I am just curious because today we have tested and remove only one disk and put another one to see how fast rebuild of data will last. It took more then 2H.





Do I need to change something every proposal is good.


Maybe to remove cluster network and leave only public network or should I keep this kind of configuration.
 
Hello.
you have a dedicated network for ceph and that's good.
Rebuild times depends on the usage % of your ceph pool.

what is the read/write/iops performance on your OSDs ?
you can test if with "ceph tell osd.X bench -f plain"
how many backfills slots ?

you should monitor iops on your OSDs disks with 'iostat -xd 1' and see if disks reach 100%.
If not, increase backfills with :
'ceph tell 'osd.*' injectargs '--osd-max-backfill N',
"N" beeing 4,8,16,...
 
On 10G there is bond with LACP and bridge over bond0.
On 40G there is bond with active/backup and bridge over bond1. this network is for CEPH. On 40G interfaces I set MTU 9000.

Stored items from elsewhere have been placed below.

(* For real numbers $\epsilon_1,\epsilon_2\ge 0$ let \[ D_{\epsilon_1,\epsilon_2}=\begin{bmatrix}0&4&0\\2&0&4+\epsilon_1\\3&2+\epsilon_2&0\end{bmatrix}. \] There exists $\delta>0$ such that for all $\epsilon_1,\epsilon_2,\epsilon_1',\epsilon_2'\in[0,\delta]$, the bimatrix game $(D_{\epsilon_1,\epsilon_2},D_{\epsilon_1',\epsilon_2'}^T)$ has exactly one Nash equilibrium; this equilibrium has full support (both players assign positive probability to all three pure strategies); and if $(\epsilon_1,\epsilon_2)=(\epsilon_1',\epsilon_2')$ then this equilibrium is symmetric.
   Context: A bimatrix game $(A,B)$ with $m\times n$ real payoff matrices: the first player chooses a mixed strategy $\mathbf{x}\in\Delta_m=\{\mathbf{x}\in\mathbb{R}^m:\mathbf{x}\ge 0,\sum_i x_i=1\}$, the second $\mathbf{y}\in\Delta_n$; payoffs are $\mathbf{x}^TA\mathbf{y}$ and $\mathbf{x}^TB\mathbf{y}$. $(\mathbf{x},\mathbf{y})$ is a Nash equilibrium (NE) if neither player can increase her payoff by unilaterally changing her mixed strategy. A NE $(\mathbf{x},\mathbf{y})$ is symmetric if $\mathbf{x}=\mathbf{y}$. *)

From Stdlib Require Import Reals Lra.
Open Scope R_scope.

(* A 3x3 real matrix: entry (i,j) for i,j in {0,1,2}; a mixed strategy is a
   vector x : nat -> R, meaningful on indices 0,1,2. *)
Definition mat3 := nat -> nat -> R.
Definition vec3 := nat -> R.

Definition sum3 (f : nat -> R) : R := f 0%nat + f 1%nat + f 2%nat.

Definition in_simplex (x : vec3) : Prop :=
  (forall i, (i < 3)%nat -> 0 <= x i) /\ sum3 x = 1.

Definition bilin (x : vec3) (A : mat3) (y : vec3) : R :=
  sum3 (fun i => sum3 (fun j => x i * A i j * y j)).

Definition transpose3 (A : mat3) : mat3 := fun i j => A j i.

Definition is_NE (A B : mat3) (x y : vec3) : Prop :=
  in_simplex x /\ in_simplex y /\
  (forall x', in_simplex x' -> bilin x' A y <= bilin x A y) /\
  (forall y', in_simplex y' -> bilin x B y' <= bilin x B y).

(* Strategies are identified by their values on indices 0,1,2. *)
Definition eq3 (x x' : vec3) : Prop := forall i, (i < 3)%nat -> x i = x' i.

Definition full_support (x : vec3) : Prop := forall i, (i < 3)%nat -> 0 < x i.

Definition D (e1 e2 : R) : mat3 := fun i j =>
  match i, j with
  | O, S O => 4
  | S O, O => 2 | S O, S (S O) => 4 + e1
  | S (S O), O => 3 | S (S O), S O => 2 + e2
  | _, _ => 0
  end.

From Stdlib Require Import Reals Lra Lia.
Open Scope R_scope.

(* Against D_{e1,e2}, row i can only be a best response when the opponent
   plays column i+1 (mod 3) with positive probability: rows 0, 1, 2 need
   columns 1, 2, 0 respectively to earn anything competitive.  Both players
   face a matrix of this shape, so in an equilibrium a positive x_i forces
   y_{i+1} > 0, which forces x_{i+2} > 0, and going twice around the cycle
   every strategy of both players is in the support.  A fully supported
   best response makes the opponent's strategy equalize the rows of D, and
   the equalizing strategy in the simplex is unique. *)

Definition row (A : mat3) (y : vec3) (i : nat) : R := sum3 (fun j => A i j * y j).

Definition pure (k : nat) : vec3 := fun j => if Nat.eqb j k then 1 else 0.

Definition best_response (A : mat3) (x y : vec3) : Prop :=
  in_simplex x /\ forall x', in_simplex x' -> bilin x' A y <= bilin x A y.

Lemma bilin_row A x y : bilin x A y = sum3 (fun i => x i * row A y i).
Proof. unfold bilin, row, sum3; ring. Qed.

Lemma bilin_transpose3 x B y : bilin x (transpose3 B) y = bilin y B x.
Proof. unfold bilin, transpose3, sum3; ring. Qed.

Lemma is_NE_transpose3 A B x y :
  is_NE A (transpose3 B) x y <-> best_response A x y /\ best_response B y x.
Proof.
  unfold is_NE, best_response.
  split.
  - intros (Hx & Hy & HA & HB). split; split; auto.
    intros y' Hy'. rewrite <- (bilin_transpose3 x B y'), <- (bilin_transpose3 x B y). auto.
  - intros [[Hx HA] [Hy HB]]. do 3 (split; auto).
    intros y' Hy'. rewrite (bilin_transpose3 x B y'), (bilin_transpose3 x B y). auto.
Qed.

Lemma pure_simplex k : (k < 3)%nat -> in_simplex (pure k).
Proof.
  intro Hk. split.
  - intros i _. unfold pure. destruct (Nat.eqb i k); lra.
  - unfold sum3, pure. destruct k as [|[|[|k]]]; simpl; lra || lia.
Qed.

Lemma bilin_pure A y k : (k < 3)%nat -> bilin (pure k) A y = row A y k.
Proof.
  intro Hk. rewrite bilin_row. unfold sum3, pure.
  destruct k as [|[|[|k]]]; simpl; ring || lia.
Qed.

Lemma sum3_nonneg_eq0 (f : nat -> R) :
  (forall j, (j < 3)%nat -> 0 <= f j) -> sum3 f = 0 ->
  forall j, (j < 3)%nat -> f j = 0.
Proof.
  unfold sum3. intros Hf Hs j Hj.
  pose proof (Hf 0%nat ltac:(lia)); pose proof (Hf 1%nat ltac:(lia));
  pose proof (Hf 2%nat ltac:(lia)).
  destruct j as [|[|[|j]]]; lra || lia.
Qed.

Lemma best_response_support A x y i k :
  best_response A x y -> (i < 3)%nat -> (k < 3)%nat -> 0 < x i ->
  row A y k <= row A y i.
Proof.
  intros [[Hx Hsum] Hbest] Hi Hk Hxi.
  set (v := bilin x A y).
  assert (Hpure : forall j, (j < 3)%nat -> row A y j <= v).
  { intros j Hj. rewrite <- bilin_pure by exact Hj. apply Hbest, pure_simplex, Hj. }
  assert (Hslack : sum3 (fun j => x j * (v - row A y j)) = 0).
  { transitivity (v * sum3 x - bilin x A y).
    - rewrite bilin_row. unfold sum3. ring.
    - rewrite Hsum. unfold v. ring. }
  assert (Hxi0 : x i * (v - row A y i) = 0).
  { apply (sum3_nonneg_eq0 (fun j => x j * (v - row A y j))); auto.
    intros j Hj. apply Rmult_le_pos; [apply Hx, Hj|]. pose proof (Hpure j Hj); lra. }
  apply Rmult_integral in Hxi0 as [Hxi0 | Hvi]; [lra|].
  pose proof (Hpure k Hk). lra.
Qed.

Lemma best_response_constant_rows A x y c :
  in_simplex x -> (forall i, (i < 3)%nat -> row A y i = c) -> best_response A x y.
Proof.
  intros Hx Hrows. split; [exact Hx|].
  assert (Hval : forall z, bilin z A y = c * sum3 z).
  { intro z. rewrite bilin_row. unfold sum3.
    rewrite !Hrows by lia. ring. }
  intros x' Hx'. rewrite !Hval. destruct Hx as [_ ->], Hx' as [_ ->]. lra.
Qed.

Lemma full_support_best_response_rows A x y i k :
  best_response A x y -> full_support x -> (i < 3)%nat -> (k < 3)%nat ->
  row A y i = row A y k.
Proof.
  intros Hbr Hfull Hi Hk.
  apply Rle_antisym; apply (best_response_support A x y); auto.
Qed.

Definition support_shift (x y : vec3) : Prop :=
  (0 < x 0%nat -> 0 < y 1%nat) /\ (0 < x 1%nat -> 0 < y 2%nat) /\
  (0 < x 2%nat -> 0 < y 0%nat).

Lemma full_support_of_support_shift x y :
  in_simplex x -> support_shift x y -> support_shift y x ->
  full_support x /\ full_support y.
Proof.
  intros [Hx Hsum] (xy0 & xy1 & xy2) (yx0 & yx1 & yx2).
  unfold sum3 in Hsum.
  pose proof (Hx 0%nat ltac:(lia)); pose proof (Hx 1%nat ltac:(lia));
  pose proof (Hx 2%nat ltac:(lia)).
  assert (Hsome : 0 < x 0%nat \/ 0 < x 1%nat \/ 0 < x 2%nat) by lra.
  assert (Hall : 0 < x 0%nat /\ 0 < x 1%nat /\ 0 < x 2%nat) by intuition.
  split; intros [|[|[|i]]] Hi; intuition lia.
Qed.

Definition normalize (w : vec3) : vec3 := fun i => w i / sum3 w.

Lemma sum3_pos w : (forall i, (i < 3)%nat -> 0 < w i) -> 0 < sum3 w.
Proof.
  intro Hw. unfold sum3.
  pose proof (Hw 0%nat ltac:(lia)); pose proof (Hw 1%nat ltac:(lia));
  pose proof (Hw 2%nat ltac:(lia)). lra.
Qed.

Lemma normalize_full_support w :
  (forall i, (i < 3)%nat -> 0 < w i) -> full_support (normalize w).
Proof.
  intros Hw i Hi. unfold normalize.
  apply Rdiv_lt_0_compat; [apply Hw, Hi | apply sum3_pos, Hw].
Qed.

Lemma normalize_simplex w :
  (forall i, (i < 3)%nat -> 0 < w i) -> in_simplex (normalize w).
Proof.
  intro Hw. pose proof (sum3_pos w Hw) as HS. split.
  - intros i Hi. apply Rlt_le, normalize_full_support; assumption.
  - unfold normalize, sum3 in *. field. lra.
Qed.

Lemma row_normalize A w i : row A (normalize w) i = row A w i / sum3 w.
Proof. unfold row, normalize, sum3 at 1 3; unfold Rdiv; ring. Qed.

Lemma normalize_of_proportional y w a b :
  sum3 y = 1 -> a <> 0 -> (forall i, (i < 3)%nat -> a * y i = b * w i) ->
  eq3 y (normalize w).
Proof.
  intros Hsum Ha Hprop i Hi. unfold normalize.
  assert (Hab : a = b * sum3 w).
  { rewrite <- (Rmult_1_r a), <- Hsum. unfold sum3.
    rewrite Rmult_plus_distr_l, Rmult_plus_distr_l, !Hprop by lia. ring. }
  assert (b <> 0 /\ sum3 w <> 0) as [Hb HS].
  { split; intro E; apply Ha; rewrite Hab, E; ring. }
  apply (Rmult_eq_reg_l a); [|exact Ha].
  rewrite Hprop by exact Hi. rewrite Hab. field. exact HS.
Qed.

Section Game_D.

Variables e1 e2 : R.
Hypothesis He1 : 0 <= e1.
Hypothesis He2 : 0 <= e2 < 2.

Lemma D_best_response_support_shift x y :
  in_simplex y -> best_response (D e1 e2) x y -> support_shift x y.
Proof.
  intros [Hy Hsum] Hbr. unfold sum3 in Hsum.
  pose proof (Hy 0%nat ltac:(lia)); pose proof (Hy 1%nat ltac:(lia));
  pose proof (Hy 2%nat ltac:(lia)).
  assert (Hcmp : forall i k, (i < 3)%nat -> (k < 3)%nat -> 0 < x i ->
            row (D e1 e2) y k <= row (D e1 e2) y i)
    by (intros; eapply best_response_support; eauto).
  unfold row, sum3, D in Hcmp; cbn in Hcmp.
  split; [|split]; intro Hxi; apply Rnot_le_lt; intro Hle.
  - pose proof (Hcmp 0%nat 1%nat ltac:(lia) ltac:(lia) Hxi).
    pose proof (Hcmp 0%nat 2%nat ltac:(lia) ltac:(lia) Hxi).
    assert (y 1%nat = 0) by lra. nra.
  - pose proof (Hcmp 1%nat 0%nat ltac:(lia) ltac:(lia) Hxi).
    pose proof (Hcmp 1%nat 2%nat ltac:(lia) ltac:(lia) Hxi).
    assert (y 2%nat = 0) by lra. nra.
  - pose proof (Hcmp 2%nat 0%nat ltac:(lia) ltac:(lia) Hxi).
    pose proof (Hcmp 2%nat 1%nat ltac:(lia) ltac:(lia) Hxi).
    assert (y 0%nat = 0) by lra. assert (y 1%nat = 0) by nra. nra.
Qed.

(* The solution, up to scale, of 4 w1 = 2 w0 + (4+e1) w2 = 3 w0 + (2+e2) w1. *)
Definition equalizer_weights : vec3 := fun i =>
  match i with
  | O => (2 - e2) * (4 + e1)
  | S O => 3 * (4 + e1)
  | _ => 8 + 2 * e2
  end.

Definition equalizer : vec3 := normalize equalizer_weights.

Lemma equalizer_weights_pos i : (i < 3)%nat -> 0 < equalizer_weights i.
Proof.
  intro Hi. destruct i as [|[|[|i]]]; cbn; try lia; try nra.
Qed.

Lemma row_D_equalizer_weights i :
  (i < 3)%nat -> row (D e1 e2) equalizer_weights i = 12 * (4 + e1).
Proof. intro Hi. destruct i as [|[|[|i]]]; try lia; unfold row, sum3; cbn; ring. Qed.

Lemma equalizer_simplex : in_simplex equalizer.
Proof. apply normalize_simplex, equalizer_weights_pos. Qed.

Lemma equalizer_full_support : full_support equalizer.
Proof. apply normalize_full_support, equalizer_weights_pos. Qed.

Lemma D_best_response_equalizer x : in_simplex x -> best_response (D e1 e2) x equalizer.
Proof.
  intro Hx. apply best_response_constant_rows with (12 * (4 + e1) / sum3 equalizer_weights).
  - exact Hx.
  - intros i Hi. unfold equalizer. rewrite row_normalize, row_D_equalizer_weights; auto.
Qed.

Lemma D_equal_rows_equalizer y :
  in_simplex y ->
  (forall i k, (i < 3)%nat -> (k < 3)%nat -> row (D e1 e2) y i = row (D e1 e2) y k) ->
  eq3 y equalizer.
Proof.
  intros [_ Hsum] Hrows.
  pose proof (Hrows 0%nat 1%nat ltac:(lia) ltac:(lia)) as R01.
  pose proof (Hrows 0%nat 2%nat ltac:(lia) ltac:(lia)) as R02.
  unfold row, sum3, D in R01, R02; cbn in R01, R02.
  apply (normalize_of_proportional y equalizer_weights (3 * (4 + e1)) (y 1%nat));
    [exact Hsum | lra |].
  intros [|[|[|i]]] Hi; cbn; try lia; nra.
Qed.

End Game_D.

Lemma D_equilibrium_equalizers e1 e2 e1' e2' x y :
  0 <= e1 -> 0 <= e2 < 2 -> 0 <= e1' -> 0 <= e2' < 2 ->
  best_response (D e1 e2) x y -> best_response (D e1' e2') y x ->
  eq3 x (equalizer e1' e2') /\ eq3 y (equalizer e1 e2).
Proof.
  intros He1 He2 He1' He2' Hx Hy.
  destruct (full_support_of_support_shift x y) as [Fx Fy].
  - apply Hx.
  - apply (D_best_response_support_shift e1 e2); [exact He1 | exact He2 | apply Hy | exact Hx].
  - apply (D_best_response_support_shift e1' e2'); [exact He1' | exact He2' | apply Hx | exact Hy].
  - split.
    + apply (D_equal_rows_equalizer e1' e2'); [exact He1' | apply Hx |].
      intros; eapply full_support_best_response_rows; eauto.
    + apply (D_equal_rows_equalizer e1 e2); [exact He1 | apply Hy |].
      intros; eapply full_support_best_response_rows; eauto.
Qed.

Theorem lemma3p2 :
  exists delta : R, 0 < delta /\
  forall e1 e2 e1' e2' : R,
    0 <= e1 <= delta -> 0 <= e2 <= delta ->
    0 <= e1' <= delta -> 0 <= e2' <= delta ->
    let A := D e1 e2 in
    let B := transpose3 (D e1' e2') in
    exists x y : vec3,
      is_NE A B x y /\
      (forall x' y', is_NE A B x' y' -> eq3 x' x /\ eq3 y' y) /\
      full_support x /\ full_support y /\
      ((e1 = e1' /\ e2 = e2') -> eq3 x y).
Proof.
  exists 1. split; [lra|].
  intros e1 e2 e1' e2' Hb1 Hb2 Hb1' Hb2' A B.
  assert (0 <= e1 /\ 0 <= e2 < 2 /\ 0 <= e1' /\ 0 <= e2' < 2)
    as (He1 & He2 & He1' & He2') by lra.
  exists (equalizer e1' e2'), (equalizer e1 e2).
  split; [|split; [|split; [|split]]].
  - apply is_NE_transpose3.
    split; apply D_best_response_equalizer, equalizer_simplex; assumption.
  - intros x y HNE. apply is_NE_transpose3 in HNE as [Hx Hy].
    apply D_equilibrium_equalizers; assumption.
  - apply equalizer_full_support; assumption.
  - apply equalizer_full_support; assumption.
  - intros [-> ->] i _. reflexivity.
Qed.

So you say that 40G (10.15.10.X) should be for CEPH, but...

When I created CEPH I've chosen for public network 40G 10.15.10.10 address from master node) and for cluster network I've choose 192.168.100.10/24 (address from master node)

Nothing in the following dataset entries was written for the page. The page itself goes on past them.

(* Insertions (IIs) and (IIIs): v and v' subdivide the solid edge above z,
   v' hanging from the child c of v. *)
Section Subdivision.
Variables (G : gdata V) (G' : gdata (V + bool)%type) (z : V) (c : nat).
Hypotheses (c_lt3 : c < 3) (par_nv : par G' (nv V) = liftS (par G z)).
Hypothesis wav_nv : wav G' (nv V) = nv' V.
Hypothesis old_adm : forall r x, tree_admissible G' r x -> tree_admissible G r (old_att x).
Hypothesis free_liftS : forall s, free G' (liftS s) = free G s.
Hypothesis free_ch : forall i, i < 3 -> i != c -> free G' (ch (nv V) i).
Hypothesis dash_liftS : forall s, dash G' (liftS s) = liftS (dash G s).

Lemma subdivision_dash_matching : dash_matching G ->
  (forall b i, i < 3 -> free G' (ch (inr b) i) ->
     [/\ free G' (dash G' (ch (inr b) i)), dash G' (dash G' (ch (inr b) i)) = ch (inr b) i
       & dash G' (ch (inr b) i) != ch (inr b) i]) ->
  dash_matching G'.
Proof.
move=> dG inner t; case: (slot_liftS_or_ch t) => [[s ->]|[b [i [hi ->]]]]; last exact: inner.
rewrite free_liftS => fs; have [f1 f2 f3] := dG _ fs.
by rewrite !dash_liftS free_liftS f1 f2 liftS_eq.
Qed.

Here you say that the public network is on the 40G (10.15.10.X). Normally one puts the private (= cluster?) network on the faster one, as there the replication of objects, rebalancing and such happens. Public network is for the clients (for example VMs, or those which mount a CephFS).
 
So i should use faster network 40G for cluster network in CEPH and for public network I should use slower network 10G. What if I use only 40G for public network without cluster network?

my setup now is:

40G public
10H cluster
 
So i should use faster network 40G for cluster network in CEPH and for public network I should use slower network 10G.

Faster for cluster network. Think of it that way, a ceph pool normally is set to 3 replicates per data object, so if a client writes one object through the public network, that object will get replicated two additional times by ceph on the private network so that there are three copies total. So you may see up to three times the traffic on the cluster network.
Further, as said, if a OSD fails or new ones get plugged in ceph rebalances the data so that it's spread optimally and as safe as possible, this rebalancing happens also on the cluster network.

What if I use only 40G for public network without cluster network?

There's always a cluster network, if it is not specified extra, ceph re-uses one network for both, public and cluster traffic.
 
so is it better to use only 40G network for public network not specified cluster network? will ceph use 40G then and for public and for cluster network? Or should I switch just networks like:

40G fo cluster network and 10G for public network?
 
I've removed from ceph.conf file line for cluster network and only public network left. I got 4xIOPS, rebuild data is much faster. I will leave it like this without cluster network only public network which is 40G.
 
40G fo cluster network and 10G for public network?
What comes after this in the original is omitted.